Blue Mule’s latest album, “In a Hurry” is a sixteen-song collection that showcases their range in style. Songs like “Walls of Time” have a decidedly traditional feel, featuring Omhsen’s lonesome vocals paired with the steady drive of the banjo and fiddle. The tune “Cherokee,” which employs a heavy dose of Django Rienhardt style jazz, exhibits the band’s ability to combine genres to create truly unique pieces. More diversity is on display with a beautiful cover of the Fastball 1998 hit “The Way”, which sounds brighter and more upbeat than the original. The instrumental, “Belleville South,” with its playful amble created by the interplay of banjo, guitar, and fiddle, rolls easily from the speakers and will have even the grumpiest person tapping toes and swaying to the music. Then there’s the whimsical Parkway Brewery Spot, a 45 second track the band recorded for its namesake that has the nostalgic feel of a 1950’s radio spot.
Whether you’re listening to this, one of their other albums, or hearing the group play live, it’s immediately evident that they’re not the average bluegrass brothers they might appear to be. It also comes as no surprise that the group sometimes hears that they’ve broken ground for younger bands who want to do their own thing.
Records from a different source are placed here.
Lemma complement_split_trans a X c Z b Y : split_below (size Z) -> cube_condition a b c ->
  complement_split a X c Z -> complement_split c Z b Y -> complement_split a X b Y.
Proof.
move=> splitZ cube; rewrite /complement_split.
case: (a =P c) => [<-|ac].
  move=> E1; case: (a =P b) => [ab|ab]; first exact: sbeq_trans.
  by case=> p [q [W [Hc E2 E3]]]; exists p, q, W; split => //; apply: sbeq_trans E2.
case=> fac [fca [U [Hac EX EZ]]].
case: (c =P b) => [<-|cb].
  move=> EY; case: (a =P c) => // _.
  by exists fac, fca, U; split => //; apply: sbeq_trans (sbeq_sym EY) EZ.
case=> fcb [fbc [V [Hcb EZ' EY]]].
have E : sbeq n (fca ++ U) (fcb ++ V) by apply: sbeq_trans (sbeq_sym EZ) EZ'.
have sz : size (fca ++ U) <= size Z by rewrite (sbeq_size EZ).
have := reversing_factors 20 splitZ sz E; have := cube _ _ _ _ (complement_swap Hac) Hcb.
case: (reversing n 20 fca fcb) => // r1 r2 [C1 C2] [W [UW VW]].
have XW : sbeq n X ((fac ++ r1) ++ W).
  by rewrite -catA; apply: sbeq_trans EX _; exact: sbeq_catl.
have YW : sbeq n Y ((fbc ++ r2) ++ W).
  by rewrite -catA; apply: sbeq_trans EY _; exact: sbeq_catl.
case: (a =P b) => [ab|ab].
  apply: sbeq_trans XW _; apply: sbeq_sym; apply: sbeq_trans YW _.
  exact: sbeq_catr (sbeq_sym (C1 ab)).
have [fab [fba [s [Hab S1 S2]]]] := C2 ab.
exists fab, fba, (s ++ W); split => //; rewrite catA.
- by apply: sbeq_trans XW _; exact: sbeq_catr.
- by apply: sbeq_trans YW _; exact: sbeq_catr.
Qed.

Hypothesis cube : forall a b c, cube_condition a b c.

Lemma sbeq_complement_split a b X Y :
  sbeq n (a :: X) (b :: Y) -> complement_split a X b Y.
Proof.
move sX: (size X) => m; elim/ltn_ind: m a b X Y sX => m IHm a b X Y sX EXY.
have splitm : split_below m by move=> a' b' X' Y' lt; apply: IHm lt _ _ _ _ erefl.
suff key : forall w1 w2, sbeq n w1 w2 -> forall a X b Y,
    w1 = a :: X -> w2 = b :: Y -> size X = m -> complement_split a X b Y.
  exact: key EXY a X b Y erefl erefl sX.
move=> w1 w2; elim=> [u v l r H | w | w1' w2' E IH | w1' w2' w3' E1 IH1 E2 IH2]
  a' X' b' Y' e1 e2 sX'.
- exact: complement_split_step H e1 e2.
- by move: e2; rewrite e1 => -[<- <-]; rewrite /complement_split eqxx; exact: sbeq_refl.
- have sY : size Y' = m by have := sbeq_size E; rewrite e1 e2 /= sX' => -[].
  exact/complement_split_sym/IH.
- have := sbeq_size E1; rewrite e1.
  case: w2' E1 IH1 E2 IH2 => [//|c Z] E1 IH1 E2 IH2 [sZ].
  apply: (@complement_split_trans a' X' c Z b' Y').
  + by rewrite -sZ sX'.
  + exact: cube.
  + exact: IH1.
  + by apply: IH2; rewrite // -sZ.
Qed.

End Completeness.

Definition rename_gen (psi : nat -> nat) (a : gen) : gen :=
  match a with sg i => sg (psi i) | xg i => xg (psi i) end.

Definition map_reversal (f : gen -> gen) (r : reversal) : reversal :=
  match r with Reversed p q => Reversed (map f p) (map f q) | r => r end.

Definition idx_in (T : seq nat) (a : gen) : bool := gen_idx a \in T.

Definition index_embedding (n' n : nat) (psi : nat -> nat) (T : seq nat) :=
  forall p q, p \in T -> q \in T ->
  [/\ (psi p == psi q) = (p == q), (psi p == (psi q).+1) = (p == q.+1)
    & valid_idx n (psi p) = valid_idx n' p].

Section Rename.
Variables (n' n : nat) (psi : nat -> nat) (T : seq nat).

Lemma complement_idx_in a b p q : complement n' a b = Some (p, q) ->
  idx_in T a -> idx_in T b -> all (idx_in T) p && all (idx_in T) q.
Proof.
move=> H ia ib; rewrite -all_cat; apply: sub_all (complement_idx H) => c.
by rewrite /idx_in !inE => /orP[] /eqP ->.
Qed.

Lemma reversing_idx_in fuel p q p' q' : all (idx_in T) p -> all (idx_in T) q ->
  reversing n' fuel p q = Reversed p' q' -> all (idx_in T) p' && all (idx_in T) q'.
Proof.
elim: fuel p q p' q' => [//|f IH] [|a p1] [|b q1] p' q' /=.
- by move=> _ _ [<- <-].
- by move=> _ iq [<- <-]; rewrite andbT.
- by move=> ip _ [<- <-].
move=> /andP[ia ip] /andP[ib iq].
case: eqP => _; first exact: IH.
case Hc: (complement n' a b) => [[fa fb]|//].
have /andP[ifa ifb] := complement_idx_in Hc ia ib.
case E1: (reversing n' f p1 fa) => [u1 z1| |] //.
have /andP[iu1 iz1] := IH _ _ _ _ ip ifa E1.
case E2: (reversing n' f q1 fb) => [v2 z2| |] //.
have /andP[iv2 iz2] := IH _ _ _ _ iq ifb E2.
case E3: (reversing n' f z1 z2) => [w1 w2| |] //.
have /andP[iw1 iw2] := IH _ _ _ _ iz1 iz2 E3.
by case=> <- <-; rewrite !all_cat iu1 iw1 iv2 iw2.
Qed.

Hypothesis psiT : index_embedding n' n psi T.

Lemma rename_gen_eq a b : idx_in T a -> idx_in T b ->
  (rename_gen psi a == rename_gen psi b) = (a == b).
Proof.
move=> ia ib; apply/eqP/eqP => [|-> //]; have [e _ _] := psiT ia ib.
by case: a b ia ib e => i [] j //= _ _ e [] /eqP; rewrite e => /eqP ->.
Qed.

Lemma complement_rename a b : idx_in T a -> idx_in T b ->
  complement n (rename_gen psi a) (rename_gen psi b) =
  omap (fun pq => (map (rename_gen psi) pq.1, map (rename_gen psi) pq.2)) (complement n' a b).
Proof.
move=> ia ib; have [e1 s1 v1] := psiT ia ib; have [_ s2 v2] := psiT ib ia.
have idx c : gen_idx (rename_gen psi c) = psi (gen_idx c) by case: c.
rewrite /complement !idx v1 v2; case: (_ && _) => //.
case: a b ia ib e1 s1 s2 {v1 v2} => i [] j /= _ _ e1 s1 s2;
  rewrite ?farE /not_adj ?e1 ?s1 ?s2;
  by case: (i == j); case: (i == j.+1); case: (j == i.+1).
Qed.

Lemma reversing_rename fuel p q : all (idx_in T) p -> all (idx_in T) q ->
  reversing n fuel (map (rename_gen psi) p) (map (rename_gen psi) q) =
  map_reversal (rename_gen psi) (reversing n' fuel p q).
Proof.
elim: fuel p q => [//|f IH] [|a p1] [|b q1] //= /andP[ia ip] /andP[ib iq].
rewrite rename_gen_eq //; case: eqP => _; first exact: IH.
rewrite complement_rename //; case Hc: (complement n' a b) => [[fa fb]|//] /=.
have /andP[ifa ifb] := complement_idx_in Hc ia ib.
rewrite IH //; case E1: (reversing n' f p1 fa) => [u1 z1| |] //=.
have /andP[iu1 iz1] := reversing_idx_in ip ifa E1.
rewrite IH //; case E2: (reversing n' f q1 fb) => [v2 z2| |] //=.
have /andP[iv2 iz2] := reversing_idx_in iq ifb E2.
rewrite IH //; case E3: (reversing n' f z1 z2) => [w1 w2| |] //=.
by rewrite !map_cat.
Qed.

Lemma defrel_rename l r : defrel n' l r -> all (idx_in T) l ->
  defrel n (map (rename_gen psi) l) (map (rename_gen psi) r).
Proof.
have V p : p \in T -> valid_idx n' p -> valid_idx n (psi p).
  by move=> ip vp; have [_ _ ->] := psiT ip ip.
have F p q : p \in T -> q \in T -> far (psi p) (psi q) = far p q.
  move=> ip iq; have [e1 s1 _] := psiT ip iq; have [_ s2 _] := psiT iq ip.
  by rewrite !farE e1 s1 s2.
have NA p q : p \in T -> q \in T -> not_adj (psi p) (psi q) = not_adj p q.
  move=> ip iq; have [_ s1 _] := psiT ip iq; have [_ s2 _] := psiT iq ip.
  by rewrite /not_adj s1 s2.
have S p : p \in T -> p.+1 \in T -> psi p.+1 = (psi p).+1.
  by move=> ip ip1; have [_ s _] := psiT ip1 ip; apply/eqP; rewrite s.
case=> [i j vi vj f | i j vi vj f | i j vi vj f | i vi vi1 | i vi vi1 | i vi vi1];
  rewrite /idx_in /= ?andbT.
- by move=> /andP[i1 i2]; apply: rel_ss; rewrite ?F ?V.
- by move=> /andP[i1 i2]; apply: rel_xx; rewrite ?F ?V.
- by move=> /andP[i1 i2]; apply: rel_xs; rewrite ?NA ?V.
- move=> /and3P[i1 i2 _]; rewrite (S _ i1 i2).
  by apply: rel_sss; rewrite -?(S _ i1 i2); apply: V.
- move=> /and3P[i1 i2 _]; rewrite (S _ i1 i2).
  by apply: rel_ssx; rewrite -?(S _ i1 i2); apply: V.
- move=> /and3P[i2 i1 _]; rewrite (S _ i1 i2).
  by apply: rel_ssx'; rewrite -?(S _ i1 i2); apply: V.
Qed.

Lemma sbeq_rename w1 w2 : sbeq n' w1 w2 -> all (idx_in T) w1 ->
  sbeq n (map (rename_gen psi) w1) (map (rename_gen psi) w2).
Proof.
elim=> [u v l r H | w | w1' w2' E IH | w1' w2' w3' E1 IH1 E2 IH2].
- rewrite !all_cat => /and3P[_ il _]; rewrite !map_cat; apply: sbeq_step.
  exact: defrel_rename.
- by move=> _; exact: sbeq_refl.
- by move=> i; apply: sbeq_sym; apply: IH; rewrite /idx_in (sbeq_all_idx (mem T) E).
- move=> i; apply: sbeq_trans (IH1 i) _; apply: IH2.
  by rewrite /idx_in -(sbeq_all_idx (mem T) E1).
Qed.

End Rename.

(* In every defining relation a p = d q, the head of p has the index of d. *)
Definition head_candidates (p : seq gen) : seq gen :=
  match p with
  | [:: b] => [:: b]
  | [:: b; _] => [:: sg (gen_idx b); xg (gen_idx b)]
  | _ => [::]
  end.

Definition relation_images (n : nat) (l : seq gen) : seq (seq gen) :=
  if l is a :: p then
    pmap (fun d => if complement n a d is Some (p', q) then
                     if p' == p then Some (d :: q) else None
                   else None) (head_candidates p)
  else [::].

Fixpoint rewrites1 (n : nat) (w : seq gen) : seq (seq gen) :=
  match w with
  | [::] => [::]
  | a :: w' => [seq r ++ drop 2 w | r <- relation_images n (take 2 w)] ++
               [seq r ++ drop 3 w | r <- relation_images n (take 3 w)] ++
               [seq a :: u | u <- rewrites1 n w']
  end.

Fixpoint rewrite_closure (n fuel : nat) (S : seq (seq gen)) : seq (seq gen) :=
  if fuel is f.+1 then rewrite_closure n f (undup (S ++ flatten (map (rewrites1 n) S)))
  else S.

Definition rewrites_to (n : nat) (w1 w2 : seq gen) : bool :=
  w2 \in rewrite_closure n 8 [:: w1].

Section Enumeration.
Variable n : nat.

Lemma relation_images_sound l r : r \in relation_images n l -> sbeq n l r.
Proof.
case: l => [//|a p] /=; rewrite mem_pmap => /mapP[d _].
case Hc: (complement n a d) => [[p' q]|//]; case: eqP => // <- [->].
exact: complement_sbeq.
Qed.

Lemma rewrites1_sound w w' : w' \in rewrites1 n w -> sbeq n w w'.
Proof.
elim: w w' => [//|a w IH] w' /=; rewrite !mem_cat => /or3P[] /mapP[r Hr ->].
- by rewrite -{1}(cat_take_drop 2 (a :: w)); apply/sbeq_catr/relation_images_sound.
- by rewrite -{1}(cat_take_drop 3 (a :: w)); apply/sbeq_catr/relation_images_sound.
- exact/sbeq_cons/IH.
Qed.

Lemma rewrite_closure_sound fuel w0 S : (forall w, w \in S -> sbeq n w0 w) ->
  forall w, w \in rewrite_closure n fuel S -> sbeq n w0 w.
Proof.
elim: fuel S => [//|f IH] S HS /=; apply: IH => w.
rewrite mem_undup mem_cat => /orP[/HS //|].
case/flattenP => s /mapP [u /HS Hu ->] /rewrites1_sound; exact: sbeq_trans.
Qed.

Lemma rewrites_to_sound w1 w2 : rewrites_to n w1 w2 -> sbeq n w1 w2.
Proof.
by apply: rewrite_closure_sound => w; rewrite inE => /eqP ->; exact: sbeq_refl.
Qed.

End Enumeration.

(* A decidable sufficient condition for [cube_condition n a b c]: the bounded
   rewrite closure of fac r1 must contain a word fab s with fbc r2 = fba s. *)
Definition cube_checkb (n : nat) (a b c : gen) : bool :=
  match complement n c a, complement n c b with
  | Some (fca, fac), Some (fcb, fbc) =>
    match reversing n 20 fca fcb with
    | Reversed r1 r2 =>
      if a == b then rewrites_to n (fac ++ r1) (fbc ++ r2) else
      if complement n a b is Some (fab, fba) then
        has (fun w => (take (size fab) w == fab) &&
                      rewrites_to n (fbc ++ r2) (fba ++ drop (size fab) w))
            (rewrite_closure n 8 [:: fac ++ r1])
      else false
    | Clash => true
    | OutOfFuel => false
    end
  | _, _ => true
  end.

Definition letters : seq gen := [seq sg i | i <- iota 1 5] ++ [seq xg i | i <- iota 1 5].

Lemma cube_checkb_6 :
  all (fun a => all (fun b => all (cube_checkb 6 a b) letters) letters) letters.
Proof. by vm_compute. Qed.

Arguments reversing : simpl never.
Arguments rewrite_closure : simpl never.
Arguments rewrites_to : simpl never.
“Play to please yourself,” is McBroom’s advice for other musicians. “If you are not pleasing yourself, you won’t please anybody else. Plus, it will be apparent you are faking it. Just play for the love of music.”
Locally, there are a few places you can always find Blue Mule. They have played every single FloydFest, and they’ll be back again this year on the Pink Floyd Garden Stage. They are also the host band for Floyd Fandango, a one-day “old-skool” festival being held next weekend on the FloydFest grounds. Then, on the second Friday of every month, you can find them picking away at Parkway Brewing Company. Check out Blue Mule’s official website for more event information and to sample and purchase their music. I promise you, this “ain’t” your daddy’s bluegrass.